Um Atlas moral

António-Pedro Vasconcelos é livre de dizer o que pensa sobre a direita: a que existiu, a que existe, a que governou e aquela com que brinca na casa de bonecas que é a sua cabeça. Mas o que nos apresenta não deixa de suscitar estranheza.

Não há fome que não dê em fartura. A Alemanha carrega na sua história um só Auschwitz, chega e sobra para lhe envenenar a vida. Funcionou, muito ironicamente, como uma eleição para o mal, eleição essa a que renunciaria de bom grado. Invejosos, sabe Deus de quê, alguns em Portugal também querem ter o seu. Já têm vários, aliás. Abrindo afanosamente o caminho para o pódio do genocídio, o antigo ministro da Cultura, Luís Felipe Castro Mendes, na edição em linha do Diário de Notícias, de 27 de Abril de 2018, emitira a opinião de que a Fortaleza de Peniche tinha um valor “na memória nacional comparável ao campo de concentração de Auschwitz enquanto lugar de práticas de sofrimento devido à repressão do anterior regime”. Provavelmente alertado por uma pessoa dotada de um elementar senso comum e com a instrução primária completa, o poeta fez remover uma tal pérola do sítio do jornal. Teria sido uma boa vacina. Não foi.
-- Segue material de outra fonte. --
From Pilot Require Import Defs.
From mathcomp Require Import all_boot all_order all_algebra zify ring.
From Stdlib Require Import ClassicalEpsilon FunctionalExtensionality.
Set Implicit Arguments. Unset Strict Implicit. Unset Printing Implicit Defensive.
Import Order.TTheory GRing.Theory Num.Theory.
Local Open Scope ring_scope.

(* Fix xi in X.  By minimality and compactness every window xi[-n, n] recurs
   at some shift p >= 1, and the configuration of period p that copies xi on
   [-n - p, n] generates a periodic subshift Y_n.  Every window of radius n of
   a point of Y_n is a window of some shift of xi, a point of X, so by
   compactness of X the Y_n eventually miss any closed set disjoint from X.
   Conversely Y_n contains a configuration agreeing with xi on [-n, n], and the
   orbit of xi is dense in X, so Y_n eventually meets every open set that
   meets X. *)

Lemma agree_trans (A : Type) m (a b c : config A) :
  agree m a b -> agree m b c -> agree m a c.
Proof. by move=> hab hbc j hj; rewrite hab // hbc. Qed.

Lemma agree_le (A : Type) m n (a b : config A) :
  (m <= n)%N -> agree n a b -> agree m a b.
Proof. by move=> hmn hab j hj; apply: hab; lia. Qed.

Lemma agree_open (A : Type) m (a : config A) : is_open (agree m a).
Proof. by move=> b hab; exists m => c; apply: agree_trans. Qed.

Lemma closed_approx (A : Type) (X : config A -> Prop) z :
  is_closed X -> (forall m, exists y, agree m z y /\ X y) -> X z.
Proof.
move=> Xcl approx; apply: NNPP => Xz; have [M hM] := Xcl z Xz.
by have [y [zy Xy]] := approx M; apply: hM zy Xy.
Qed.

Definition infinitely_often (P : nat -> Prop) :=
  forall K, exists2 N, (K <= N)%N & P N.

Lemma infinitely_often_pigeonhole (T : finType) (P : T -> nat -> Prop) :
  infinitely_often (fun N => exists t, P t N) -> exists t, infinitely_often (P t).
Proof.
move=> often_some; apply: NNPP => never.
have bound t : exists K, forall N, (K <= N)%N -> ~ P t N.
  apply: NNPP => unbounded; apply: never; exists t => K.
  apply: NNPP => hK; apply: unbounded; exists K => N KN PN.
  by apply: hK; exists N.
have [K hK] := choice _ bound.
have [N hN [t PtN]] := often_some (\max_t K t).
by apply: (hK t N) PtN; apply: leq_trans (leq_bigmax t) hN.
Qed.

Section ClusterPoint.
Variables (A : finType) (x : nat -> config A).

Definition agree_lt (m : nat) (w w' : config A) :=
  forall j : int, (`|j| < m)%N -> w j = w' j.

Definition cluster_at (m : nat) (w : config A) :=
  infinitely_often (fun N => agree_lt m w (x N)).

Lemma cluster_at_succ m w :
  cluster_at m w -> exists w', agree_lt m w w' /\ cluster_at m.+1 w'.
Proof.
move=> hw; pose ext (ab : A * A) : config A := fun j =>
  if j == m%:Z then ab.1 else if j == - m%:Z then ab.2 else w j.
have : infinitely_often (fun N => exists ab, agree_lt m.+1 (ext ab) (x N)).
  move=> K; have [N KN wN] := hw K; exists N => //.
  exists (x N m%:Z, x N (- m%:Z)) => j hj; rewrite /ext /=.
  case: eqP => [->//|jm]; case: eqP => [->//|jNm]; apply: wN; lia.
case/infinitely_often_pigeonhole => ab hab; exists (ext ab); split => // j hj.
rewrite /ext; case: eqP => [?|_]; first lia.
by case: eqP => [?|_] //; lia.
Qed.

Fixpoint cluster_approx (m : nat) : config A :=
  if m is m'.+1 then
    epsilon (inhabits (x 0%N))
      (fun w => agree_lt m' (cluster_approx m') w /\ cluster_at m'.+1 w)
  else x 0%N.

Lemma cluster_approx_at m : cluster_at m (cluster_approx m).
Proof.
elim: m => [|m IH]; first by move=> K; exists K => // j.
exact: (proj2 (epsilon_spec _ _ (cluster_at_succ IH))).
Qed.

Lemma cluster_approx_le m d :
  agree_lt m (cluster_approx m) (cluster_approx (m + d)).
Proof.
elim: d => [|d IH] j hj; first by rewrite addn0.
have step := proj1 (epsilon_spec (inhabits (x 0%N)) _ (cluster_at_succ (cluster_approx_at (m + d)))).
by rewrite IH // addnS step //; lia.
Qed.
Lemma root26_inj i j : (i < 26)%N -> (j < 26)%N -> root26 i = root26 j -> i = j.
Proof.
move=> i26 j26 ij.
have e_eq : (i %/ 13 = j %/ 13)%N.
  have := root26_exp13 j; rewrite -ij root26_exp13.
  have i2 : (i %/ 13 < 2)%N by lia. have j2 : (j %/ 13 < 2)%N by lia.
  move: (i %/ 13)%N (j %/ 13)%N i2 j2 => [|[|k]] [|[|l]] // _ _ /eqP.
    by rewrite eq_sym (negbTE N1_neq1).
  by rewrite (negbTE N1_neq1).
move: ij; rewrite /root26 e_eq => /mulfI /eqP.
rewrite expf_neq0 ?oppr_eq0 ?oner_eq0 // (eq_prim_root_expr beta_prim) !modn_mod => /(_ isT) /eqP.
lia.
Qed.

Lemma root26_eq i j : (i < 26)%N -> (j < 26)%N -> (root26 i == root26 j) = (i == j).
Proof. by move=> i26 j26; apply/eqP/eqP => [/(root26_inj i26 j26)|->]. Qed.

Lemma root26_small r : (r < 13)%N -> root26 r = beta ^+ r.
Proof. by move=> r13; rewrite /root26 divn_small // modn_small // expr0 mul1r. Qed.

Lemma root26_large r : (r < 13)%N -> root26 (13 + r) = - beta ^+ r.
Proof.
move=> r13; rewrite /root26 (_ : (13 + r) %/ 13 = 1)%N; last by lia.
by rewrite (_ : (13 + r) %% 13 = r)%N ?expr1 ?mulN1r //; lia.
Qed.

Lemma mu_sub13 : mu_sub F 13 = [set Some (root26 i) | i : 'I_13].
Proof.
apply/setP => p; apply/imsetP/imsetP => [[x] | [i _ ->]].
  rewrite inE => /andP [_ /eqP /(prim_rootP beta_prim) [r ->]] ->.
  by exists r; rewrite ?root26_small.
by exists (root26 i); rewrite // inE root26_neq0 root26_exp13 divn_small ?expr0 ?eqxx.
Qed.

Lemma mu_sub26 : mu_sub F 26 = [set Some (root26 i) | i : 'I_26].
Proof.
apply/setP => p; apply/imsetP/imsetP => [[x] | [i _ ->]].
  rewrite inE => /andP [_ x26] ->.
  have : (x ^+ 13) ^+ 2 == 1 by rewrite -exprM.
  rewrite sqrf_eq1 => /orP [] /eqP x13.
    have [r ->] := prim_rootP beta_prim x13.
    by exists (widen_ord (isT : 13 <= 26)%N r); rewrite //= root26_small.
  have /(prim_rootP beta_prim) [r] : (- x) ^+ 13 = 1.
    by rewrite exprNn x13 -signr_odd expr1 mulN1r opprK.
  move=> /(canRL opprK) ->; have r26 : (13 + r < 26)%N by rewrite -addnS leq_add2l.
  by exists (Ordinal r26); rewrite //= root26_large.
exists (root26 i); rewrite // inE root26_neq0 (exprM _ 13 2) root26_exp13 /=.
by rewrite -exprM mulnC exprM sqrrN expr1n expr1n.
Qed.

Definition beta_signs := [seq nzsq (1 - beta ^+ j) | j <- iota 1 6].
Definition two_sign := nzsq (1 + 1 : F).

Lemma one_sub_beta_neq0 k : (0 < k < 13)%N -> 1 - beta ^+ k != 0.
Proof.
move=> k13; rewrite subr_eq0 eq_sym -(expr0 beta) (eq_prim_root_expr beta_prim) mod0n.
by rewrite modn_small; lia.
Qed.

Lemma one_add_beta_neq0 k : 1 + beta ^+ k != 0.
Proof.
rewrite addr_eq0 eq_sym eqr_oppLR; apply: contra_neq N1_neq1 => bk.
have : (beta ^+ k) ^+ 13 = 1 by rewrite exprAC beta13 expr1n.
by rewrite bk -signr_odd expr1.
Qed.

Lemma nzsq_one_sub_beta d : (0 < d < 13)%N -> nzsq (1 - beta ^+ d) = sq_one_sub beta_signs d.
Proof.
move=> d13; rewrite /sq_one_sub /beta_signs.
have nth_signs k : (k < 6)%N -> nth false [seq nzsq (1 - beta ^+ j) | j <- iota 1 6] k =
                                 nzsq (1 - beta ^+ k.+1).
  by move=> k6; rewrite (nth_map 0%N) ?size_iota // nth_iota.
case: ifP => d6; first by rewrite nth_signs ?prednK //; lia.
rewrite nth_signs ?prednK; try lia.
have d_d' : beta ^+ d * beta ^+ (13 - d) = 1 by rewrite -exprD subnKC ?beta13 //; lia.
have -> : 1 - beta ^+ d = (- beta ^+ d) * (1 - beta ^+ (13 - d)).
  by rewrite mulrBr mulr1 mulNr d_d' opprK addrC.
rewrite nzsqM ?card_odd ?one_sub_beta_neq0 -?root26_large ?nzsq_root26 ?root26_neq0 //; lia.
Qed.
Recentemente, em artigo no PÚBLICO, António-Pedro Vasconcelos (APV) subiu a parada. Afirma, com sofisticada sensibilidade histórica, sobre o salazarismo que se tratou de “um Regime que construiu o Tarrafal em Cabo Verde, à imagem de Auschwitz”. O campo de Tarrafal foi construído em 1936, Auschwitz foi criado em 1940. Na colónia penal do Tarrafal morreram 37 pessoas, e em Auschwitz quantas foram exterminadas? O “homem de cultura”, como reza a expressão consagrada e consagrante, de datis non curat. Será lapso, será ignorância? Ignorância não é, não pode ser. A hipótese do lapso, por sua vez, é supérflua, dado o argumento elaborado por APV. Quando muito alteraria a ordem dos factores, uma vez que o raciocínio não passa da velha reductio ad hitlerum, numa forma supinamente sonsa. O objectivo, num texto sobre a direita portuguesa passados 46 anos do 25 de Abril de 1974, é estabelecer a ligação entre a direita e o nazismo. A tratar-se de lapso, seria requerido pela economia interna do texto. Encavalitada na execração universal do nazismo, a má fé da patifaria intelectual (e moral; nunca andam muito longe uma da outra) revela-se no recurso sem pejo ao cheque em branco da shoah – é a âmbula sem fundo aonde vai buscar com que se besuntar de superior legitimidade.

Mas legitimidade para que? APV, democrata esturrado, sente-se inquieto com a “desagregação dos partidos tradicionais da direita”. Ora, esses partidos, maxime o PSD, são um repositório de vícios e coito de malfeitores, de Cavaco Silva (um cripto-fascista) a Passos Coelho (um ultra-liberal antipatriótico), sem esquecer Durão Barroso (um belicista lacaio dos EUA). O cineasta não poupa nas acusações. Em todos eles vislumbra apenas perigosos deméritos. Ainda assim, aflige-se. Fica-lhe bem. Ou talvez não. A direita que governou o país, a direita eleita pelo povo, não serve, não é a direita de que o país precisa. Com um sagaz instinto democrático respeitador da espontaneidade social e uma não menos notável independência de espírito,  APV diz tudo numa frase: a direita que faz falta é uma “direita que consiga fazer o que fez a esquerda nos últimos anos, com os governos de António Costa”. Afinal era isto: a direita tem de ser a esquerda, e a esquerda é António Costa.

O cineasta é livre, ça va sans dire, de dizer o que pensa sobre a direita: a que existiu, a que existe, a que governou e aquela com que brinca na casa de bonecas que é a sua cabeça. O que nos apresenta não deixa de suscitar estranheza. Tudo começa em Auschwitz e acaba em António Costa. Foi para isto que APV conjurou os crimes do nazismo, imputou-os ao Estado Novo, proclamou-se guardião do bem e da memória e vestiu a pele de profeta morigerador. É um caso inicial, inteiro e límpido, de um vampirismo que não se coíbe de instrumentalizar os mortos de Auschwitz, que tenta pôr às costas o cúmulo do horror, imaginado no conforto do lar. A um tal Atlas moral tudo é permitido, até a mentira. Sobretudo a mentira.